Vector $K^{*}$ mesons in external magnetic field from SU(3) gluodynamics

TL;DR

This study investigates the magnetic properties of vector $K^{*}$ mesons in external magnetic fields using lattice QCD with overlap fermions, revealing their energy dependence, polarizability, and magnetic moments, and how these vary with quark mass ratios.

Contribution

It provides the first calculation of magnetic moments and dipole polarizabilities of $K^{*}$ mesons in external magnetic fields from SU(3) gluodynamics, including their dependence on quark mass ratios.

Findings

Ground state energy depends on meson spin projection.

Magnetic dipole polarizability varies with spin orientation.

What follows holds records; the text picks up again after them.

(* Let $\Gamma=M\mathbb{Z}^n$ be a lattice in $\mathbb{R}^n$ (or $\mathbb{C}^n$), $M$ invertible, and let $A$ be a dilation matrix for $\Gamma$. Then there exists an integer $\beta\ge1$ such that $A^\beta$ yields a radix representation of $\Gamma$ with digit set $D_\beta=A^\beta(F_\Gamma)\cap\Gamma$, where $F_\Gamma=M([-\tfrac12,\tfrac12)^n)$; i.e. every $x\in\Gamma$ equals $\sum_{j=0}^N A^{\beta j}d_j$ for some $N\ge0$ and $d_j\in D_\beta$.
   Context: An integer dilation matrix is an $n\times n$ matrix with integer entries all of whose eigenvalues $\lambda$ satisfy $|\lambda|>1$. A matrix $A$ is a dilation matrix for $\Gamma=M\mathbb{Z}^n$ if $M^{-1}AM$ is an integer dilation matrix. *)

(* The ambient field is an arbitrary numClosedFieldType C
   (covers C^n; R^n is the special case of real M, A). *)
From HB Require Import structures.
From mathcomp Require Import all_boot all_order all_algebra.
Set Implicit Arguments. Unset Strict Implicit. Unset Printing Implicit Defensive.
Import Order.TTheory GRing.Theory Num.Theory.
Local Open Scope ring_scope.

Section Lattice.
Variables (C : numClosedFieldType) (n : nat).

Definition int_dilation_matrix (B : 'M[C]_n) : Prop :=
  (exists Z : 'M[int]_n, B = map_mx (fun z : int => z%:~R) Z) /\
  (forall lambda : C, eigenvalue B lambda -> 1 < `|lambda|).

Definition dilation_matrix_for (M A : 'M[C]_n) : Prop :=
  int_dilation_matrix (invmx M *m A *m M).

Definition in_lattice (M : 'M[C]_n) (x : 'cV[C]_n) : Prop :=
  exists z : 'cV[int]_n, x = M *m map_mx (fun k : int => k%:~R) z.

Definition in_fund_dom (M : 'M[C]_n) (x : 'cV[C]_n) : Prop :=
  exists t : 'cV[C]_n,
    (forall i, t i 0 \is Num.real /\ - (2%:R)^-1 <= t i 0 /\ t i 0 < (2%:R)^-1)
    /\ x = M *m t.

Definition in_digit_set (M B : 'M[C]_n) (d : 'cV[C]_n) : Prop :=
  in_lattice M d /\ exists f, in_fund_dom M f /\ d = B *m f.

End Lattice.

From HB Require Import structures.
From mathcomp Require Import all_boot all_order all_algebra ring zify.
Set Implicit Arguments. Unset Strict Implicit. Unset Printing Implicit Defensive.
Import Order.TTheory GRing.Theory Num.Theory.
Local Open Scope ring_scope.

(* Conjugating by [M] reduces the statement to the integer matrix
   [B = M^-1 A M] acting on [Z^n].  All eigenvalues of [B^-1] lie in the open
   unit disc, so after a Schur triangularization and a diagonal rescaling
   [B^-1] is similar to a matrix of sup-operator norm [< 1]; hence some power
   [T = B^-beta] has norm at most [1/4].  Rounding [T z] to the nearest
   integer vector [y] then gives [z = g + B^beta y] with [g] in
   [B^beta ([-1/2, 1/2)^n)] and [y] strictly smaller than [z] unless [y = 0],
   and iterating this division yields the expansion.  Since the field [C] need
   not be archimedean, every estimate is made with natural or rational
   constants, and the rounding is done in [Q]. *)

(** * Operator norm for the sup norm *)

Section MxNorm.
Variable R : numDomainType.
Lemma psd_offdiag_eq0 p (A : 'M[R]_p) i k : A^T = A -> psd A -> A k k = 0 -> A i k = 0.
Proof.
move=> sA pA Akk; apply/eqP; rewrite -sqrf_eq0 eq_le sqr_ge0 andbT.
by have := bform_CauchySchwarz (delta_mx i 0) (delta_mx k 0) sA pA; rewrite !bform_delta Akk mulr0.
Qed.

Lemma psd_tr_gt0 p (A : 'M[R]_p) : A^T = A -> psd A -> A != 0 -> 0 < \tr A.
Proof.
move=> sA pA; apply: contraNT; rewrite -leNgt => tr_le0; apply/eqP/matrixP => i k.
have Akk : A k k = 0.
  apply: (psumr_eq0P (P := predT) (fun j _ => psd_diag_ge0 j pA)) => //.
  by apply/eqP; rewrite eq_le tr_le0 psd_tr_ge0.
by rewrite mxE psd_offdiag_eq0.
Qed.

Lemma psd_sub_rank1 p (B : 'M[R]_p) k : B^T = B -> psd B -> 0 < B k k ->
  psd (B - (B k k)^-1 *: (col k B *m (col k B)^T)).
Proof.
move=> sB pB Bkk; apply/psdE => x.
have rank1 : bform (col k B *m (col k B)^T) x x = bform B x (delta_mx k 0) ^+ 2.
  rewrite /bform colE !mulmxA -(mulmxA _ _ x) [LHS]mxE big_ord1 expr2; congr (_ * _).
  by rewrite -mulmxA !mxE; apply: eq_bigr => j _; rewrite !mxE mulrC.
rewrite bformBm bformZm rank1 subr_ge0 ler_pdivrMl // mulrC.
by have := bform_CauchySchwarz x (delta_mx k 0) sB pB; rewrite bform_delta.
Qed.

Lemma psd_gram p (B : 'M[R]_p) : B^T = B -> psd B ->
  exists q (X : 'M[R]_(p, q)), B = X *m X^T.
Proof.
(* Induction on the number m of possibly nonzero leading rows; row m is cleared by
   subtracting a rank-one term (a Cholesky step). *)
suff gram m : forall B : 'M[R]_p, B^T = B -> psd B ->
    (forall i j : 'I_p, (m <= i)%N -> B i j = 0) -> exists q (X : 'M[R]_(p, q)), B = X *m X^T.
  by move=> sB pB; apply: (gram p) => // i j; rewrite leqNgt ltn_ord.
elim: m => [|m IH] {}B sB pB Bz.
  by exists 0%N, 0; apply/matrixP => i j; rewrite Bz // mul0mx mxE.
have [mp|pm] := ltnP m p; last first.
  by apply: IH => // i j mi; have := leq_trans pm mi; rewrite leqNgt ltn_ord.
set k := Ordinal mp; have Bsym i j : B i j = B j i by rewrite -{1}sB mxE.
have [Bkk0|Bkk] : B k k = 0 \/ 0 < B k k.
  by have := psd_diag_ge0 k pB; rewrite le_eqVlt eq_sym => /orP[/eqP|]; [left|right].
  apply: IH => // i j; rewrite leq_eqVlt => /orP[/eqP mi|]; last exact: Bz.
  have -> : i = k by apply: val_inj.
  by rewrite Bsym psd_offdiag_eq0.
set a := col k B; set B' := B - (B k k)^-1 *: (a *m a^T).
have [q [X B'E]] : exists q (X : 'M[R]_(p, q)), B' = X *m X^T.
  apply: IH; first by rewrite /B' linearB linearZ /= trmx_mul trmxK sB.
    exact: psd_sub_rank1.
  move=> i j; rewrite !mxE big_ord1 !mxE leq_eqVlt => /orP[/eqP mi|mi].
    have -> : i = k by apply: val_inj.
    by rewrite [B j k]Bsym mulrA mulVf ?gt_eqF // mul1r subrr.
  by rewrite (Bz i j) // (Bz i k) // mul0r mulr0 subrr.
exists (q + 1)%N, (row_mx X (Num.sqrt (B k k)^-1 *: a)).
rewrite tr_row_mx mul_row_col -B'E linearZ /= -scalemxAr -scalemxAl scalerA.
by rewrite -expr2 sqr_sqrtr ?invr_ge0 ?(ltW Bkk) // subrK.
Qed.

Lemma mxtrace_psdM_ge0 p (A P : 'M[R]_p) : A^T = A -> psd A -> psd P -> 0 <= \tr (A *m P).
Proof.
move=> sA pA pP; have [q [X ->]] := psd_gram sA pA.
by rewrite -mulmxA mxtrace_mulC; exact/psd_tr_ge0/psd_congr.
Qed.

Lemma psd_l1_sub p (A : 'M[R]_p) : psd ((\sum_j \sum_i `|A i j|)%:M - A).
Proof.
apply/psdE => x; rewrite bformBm bform_scalar subr_ge0.
set s := \sum_k x k 0 ^+ 2.
have xs k : `|x k 0| ^+ 2 <= s.
  rewrite real_normK ?num_real // /s (bigD1 k) //= lerDl.
  by apply: sumr_ge0 => *; apply: sqr_ge0.
rewrite /bform mxE mulr_suml; apply: ler_sum => j _.
rewrite mxE mulr_suml mulr_suml; apply: ler_sum => i _.
rewrite !mxE; apply: le_trans (ler_norm _) _; rewrite !normrM.
have : `|x i 0| * `|x j 0| <= s.
  by have := xs i; have := xs j; have := sqr_ge0 (`|x i 0| - `|x j 0|); nra.
by move=> xx; rewrite mulrAC [X in X <= _]mulrC ler_wpM2l.
Qed.

Lemma psd_sub_scalar_unitmx p (M : 'M[R]_p) gamma : 0 < gamma -> psd (M - gamma%:M) ->
  M \in unitmx.
Proof.
move=> gamma0 pM; rewrite -row_free_unit; apply: inj_row_free => v vM0.
have := pM v^T; rewrite -/(bform _ _ _) bformBm bform_scalar {1}/bform trmxK vM0.
rewrite mul0mx mxE sub0r oppr_ge0 pmulr_rle0 // => sum_le0.
apply/matrixP => i0 j; rewrite (ord1 i0) !mxE; apply/eqP; rewrite -sqrf_eq0 eq_le sqr_ge0 andbT.
apply: le_trans sum_le0; rewrite (bigD1 j) //= mxE lerDl.
by apply: sumr_ge0 => k _; apply: sqr_ge0.
Qed.

Definition trform p (A B X Y : 'M[R]_p) : R := \tr (A *m X *m B *m Y).

Lemma trform_ge0 p (A B X : 'M[R]_p) : A^T = A -> psd A -> psd B -> X^T = X ->
  0 <= trform A B X X.
Proof.
move=> sA pA pB sX; have := mxtrace_psdM_ge0 sA pA (psd_congr X pB).
by rewrite sX !mulmxA.
Qed.

Lemma trformC p (A B X Y : 'M[R]_p) : A^T = A -> B^T = B -> X^T = X -> Y^T = Y ->
  trform A B Y X = trform A B X Y.
Proof.
move=> sA sB sX sY; rewrite /trform -[LHS]mxtrace_tr !trmx_mul sA sB sX sY.
by rewrite !mulmxA mxtrace_mulC !mulmxA.
Qed.

Lemma trform_CauchySchwarz p (A B X Y : 'M[R]_p) : A^T = A -> psd A -> B^T = B -> psd B ->
  X^T = X -> Y^T = Y -> trform A B X Y ^+ 2 <= trform A B X X * trform A B Y Y.
Proof.
move=> sA pA sB pB sX sY; apply: quad_ge0_discr => [|t]; first exact: trform_ge0.
have sXY : (X + t *: Y)^T = X + t *: Y by rewrite linearD linearZ /= sX sY.
apply: le_trans (trform_ge0 sA pA pB sXY) _; rewrite le_eqVlt; apply/orP; left; apply/eqP.
rewrite /trform !(mulmxDl, mulmxDr, =^~ scalemxAl, =^~ scalemxAr) !linearD /= !mxtraceZ.
have := trformC sA sB sX sY; rewrite /trform => ->; ring.
Qed.

End PositiveSemiDefinite.

Lemma mxtrace_mul_sumZ (R : comPzRingType) p n (A B : 'M[R]_p) (c : 'I_n -> R)
    (X : 'I_n -> 'M[R]_p) :
  \tr (A *m (\sum_j c j *: X j) *m B) = \sum_j c j * \tr (A *m X j *m B).
Proof.
rewrite mulmx_sumr mulmx_suml linear_sum; apply: eq_bigr => j _ /=.
by rewrite -scalemxAr -scalemxAl mxtraceZ.
Qed.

No evidence of tachyonic modes for strange vector mesons.

Abstract

We explore the ground state energies of the neutral and charged vector $K^{*}$ mesons in the external abelian magnetic field of QCD scale using overlap fermions. We attempt to calculate the magnetic moment and the magnetic dipole polarizability of the $K^{*0}$ and $\bar{K}^{*0}$ mesons and investigate their dependence on the ratio of the strange quark mass to the light quark mass. It is found that the ground state energy and the magnetic dipole polarizability depends on the meson spin projection on the magnetic field axis. This leads to the appearance of dileptonic asymmetry, which can be characterized by the tensor polarizability estimated for the $K^{*0}$ mesons. We obtain that the $g$-factor of the vector $K^{*\pm}$ mesons depends on the $m_s/m_u$ value. Also we do not observe any evidence of the tachyon mode existence for the strange vector mesons.